PROBLEM REQUIREMENTS:
Check each line of the records below and collect those holding "intros".

INPUT DATA:
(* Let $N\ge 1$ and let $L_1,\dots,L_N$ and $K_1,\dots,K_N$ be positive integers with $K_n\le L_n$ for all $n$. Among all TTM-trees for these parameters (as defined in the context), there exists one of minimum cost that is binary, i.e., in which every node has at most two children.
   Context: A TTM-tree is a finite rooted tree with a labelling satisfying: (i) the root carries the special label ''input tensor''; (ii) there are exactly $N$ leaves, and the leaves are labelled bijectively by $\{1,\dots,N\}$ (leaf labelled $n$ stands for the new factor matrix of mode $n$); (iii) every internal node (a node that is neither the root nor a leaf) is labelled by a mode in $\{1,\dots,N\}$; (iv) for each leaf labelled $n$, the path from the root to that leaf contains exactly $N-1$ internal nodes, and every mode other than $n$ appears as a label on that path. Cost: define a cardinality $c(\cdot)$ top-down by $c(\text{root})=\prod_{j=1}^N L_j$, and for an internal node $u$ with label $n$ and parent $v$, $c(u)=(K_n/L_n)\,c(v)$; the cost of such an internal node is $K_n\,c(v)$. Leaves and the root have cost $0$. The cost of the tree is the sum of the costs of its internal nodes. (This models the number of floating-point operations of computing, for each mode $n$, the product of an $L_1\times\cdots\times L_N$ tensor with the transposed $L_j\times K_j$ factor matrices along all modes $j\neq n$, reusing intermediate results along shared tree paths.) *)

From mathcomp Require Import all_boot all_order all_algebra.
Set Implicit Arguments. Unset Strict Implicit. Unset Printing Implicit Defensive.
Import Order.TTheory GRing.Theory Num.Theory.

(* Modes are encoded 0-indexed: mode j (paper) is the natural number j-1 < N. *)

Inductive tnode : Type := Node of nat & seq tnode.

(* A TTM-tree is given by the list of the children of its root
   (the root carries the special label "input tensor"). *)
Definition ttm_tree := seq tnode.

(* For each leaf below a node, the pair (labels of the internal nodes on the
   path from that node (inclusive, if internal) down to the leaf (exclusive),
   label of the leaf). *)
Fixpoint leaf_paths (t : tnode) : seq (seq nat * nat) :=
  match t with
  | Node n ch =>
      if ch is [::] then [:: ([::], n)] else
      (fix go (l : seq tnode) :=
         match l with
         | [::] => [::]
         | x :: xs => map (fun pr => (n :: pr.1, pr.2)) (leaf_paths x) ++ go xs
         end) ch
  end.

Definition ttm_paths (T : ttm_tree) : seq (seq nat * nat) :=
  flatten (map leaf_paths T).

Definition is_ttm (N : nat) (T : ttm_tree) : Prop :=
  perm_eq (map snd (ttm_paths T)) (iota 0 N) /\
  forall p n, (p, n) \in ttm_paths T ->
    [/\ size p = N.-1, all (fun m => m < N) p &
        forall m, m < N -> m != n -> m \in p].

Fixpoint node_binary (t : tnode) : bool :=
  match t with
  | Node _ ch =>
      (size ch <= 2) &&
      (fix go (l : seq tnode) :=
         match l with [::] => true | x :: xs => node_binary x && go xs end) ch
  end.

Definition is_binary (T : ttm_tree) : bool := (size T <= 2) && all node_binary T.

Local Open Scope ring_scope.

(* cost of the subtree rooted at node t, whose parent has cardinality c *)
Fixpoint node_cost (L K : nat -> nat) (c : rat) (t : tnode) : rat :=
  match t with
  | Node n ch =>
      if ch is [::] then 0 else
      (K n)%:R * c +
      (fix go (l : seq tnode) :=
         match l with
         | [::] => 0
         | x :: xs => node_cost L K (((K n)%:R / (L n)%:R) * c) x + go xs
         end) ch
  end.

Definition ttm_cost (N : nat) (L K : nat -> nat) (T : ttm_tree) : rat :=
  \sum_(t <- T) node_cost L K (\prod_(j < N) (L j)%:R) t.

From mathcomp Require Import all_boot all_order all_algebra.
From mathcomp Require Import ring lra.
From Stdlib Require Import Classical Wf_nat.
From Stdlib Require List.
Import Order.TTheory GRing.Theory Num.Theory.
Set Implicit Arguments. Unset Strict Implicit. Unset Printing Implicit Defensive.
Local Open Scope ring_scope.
...
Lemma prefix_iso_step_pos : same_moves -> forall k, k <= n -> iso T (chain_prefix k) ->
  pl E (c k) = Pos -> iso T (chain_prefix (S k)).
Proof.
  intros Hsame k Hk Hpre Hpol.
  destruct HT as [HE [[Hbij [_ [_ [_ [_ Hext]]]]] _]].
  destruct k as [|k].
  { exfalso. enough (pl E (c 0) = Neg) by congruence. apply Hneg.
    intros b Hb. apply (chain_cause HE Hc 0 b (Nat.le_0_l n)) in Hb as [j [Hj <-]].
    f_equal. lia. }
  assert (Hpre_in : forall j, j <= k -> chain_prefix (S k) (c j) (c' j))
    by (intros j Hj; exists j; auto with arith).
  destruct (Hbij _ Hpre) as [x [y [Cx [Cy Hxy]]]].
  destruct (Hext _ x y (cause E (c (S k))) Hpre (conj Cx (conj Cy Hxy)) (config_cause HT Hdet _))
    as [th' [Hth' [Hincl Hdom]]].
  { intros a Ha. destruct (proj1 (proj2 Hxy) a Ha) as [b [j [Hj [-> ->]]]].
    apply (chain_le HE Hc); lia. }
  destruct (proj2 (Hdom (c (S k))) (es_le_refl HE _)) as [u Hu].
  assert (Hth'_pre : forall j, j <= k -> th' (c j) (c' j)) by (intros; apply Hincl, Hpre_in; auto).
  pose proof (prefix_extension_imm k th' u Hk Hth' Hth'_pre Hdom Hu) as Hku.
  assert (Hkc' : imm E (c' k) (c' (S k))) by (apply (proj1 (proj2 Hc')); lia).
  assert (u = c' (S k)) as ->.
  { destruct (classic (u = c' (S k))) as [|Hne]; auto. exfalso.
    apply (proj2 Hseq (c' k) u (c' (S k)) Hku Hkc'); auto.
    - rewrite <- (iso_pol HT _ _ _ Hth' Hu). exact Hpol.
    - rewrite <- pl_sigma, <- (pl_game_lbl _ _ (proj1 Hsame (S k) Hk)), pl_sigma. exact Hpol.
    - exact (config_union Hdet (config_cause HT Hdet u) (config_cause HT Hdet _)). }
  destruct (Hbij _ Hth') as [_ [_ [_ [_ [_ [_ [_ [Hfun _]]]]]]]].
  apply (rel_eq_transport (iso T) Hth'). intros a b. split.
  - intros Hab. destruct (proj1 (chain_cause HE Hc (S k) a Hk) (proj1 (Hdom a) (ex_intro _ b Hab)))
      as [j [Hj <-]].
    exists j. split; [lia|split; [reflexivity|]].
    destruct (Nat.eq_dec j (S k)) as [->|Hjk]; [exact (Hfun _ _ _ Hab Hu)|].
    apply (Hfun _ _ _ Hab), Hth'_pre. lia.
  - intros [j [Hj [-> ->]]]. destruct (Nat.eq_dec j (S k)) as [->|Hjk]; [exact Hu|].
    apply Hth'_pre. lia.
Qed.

EXPECTED ANSWER:
  intros Hsame k Hk Hpre Hpol.
    intros b Hb. apply (chain_cause HE Hc 0 b (Nat.le_0_l n)) in Hb as [j [Hj <-]].
    by (intros j Hj; exists j; auto with arith).
  { intros a Ha. destruct (proj1 (proj2 Hxy) a Ha) as [b [j [Hj [-> ->]]]].
  assert (Hth'_pre : forall j, j <= k -> th' (c j) (c' j)) by (intros; apply Hincl, Hpre_in; auto).
  apply (rel_eq_transport (iso T) Hth'). intros a b. split.
  - intros Hab. destruct (proj1 (chain_cause HE Hc (S k) a Hk) (proj1 (Hdom a) (ex_intro _ b Hab)))
  - intros [j [Hj [-> ->]]]. destruct (Nat.eq_dec j (S k)) as [->|Hjk]; [exact Hu|].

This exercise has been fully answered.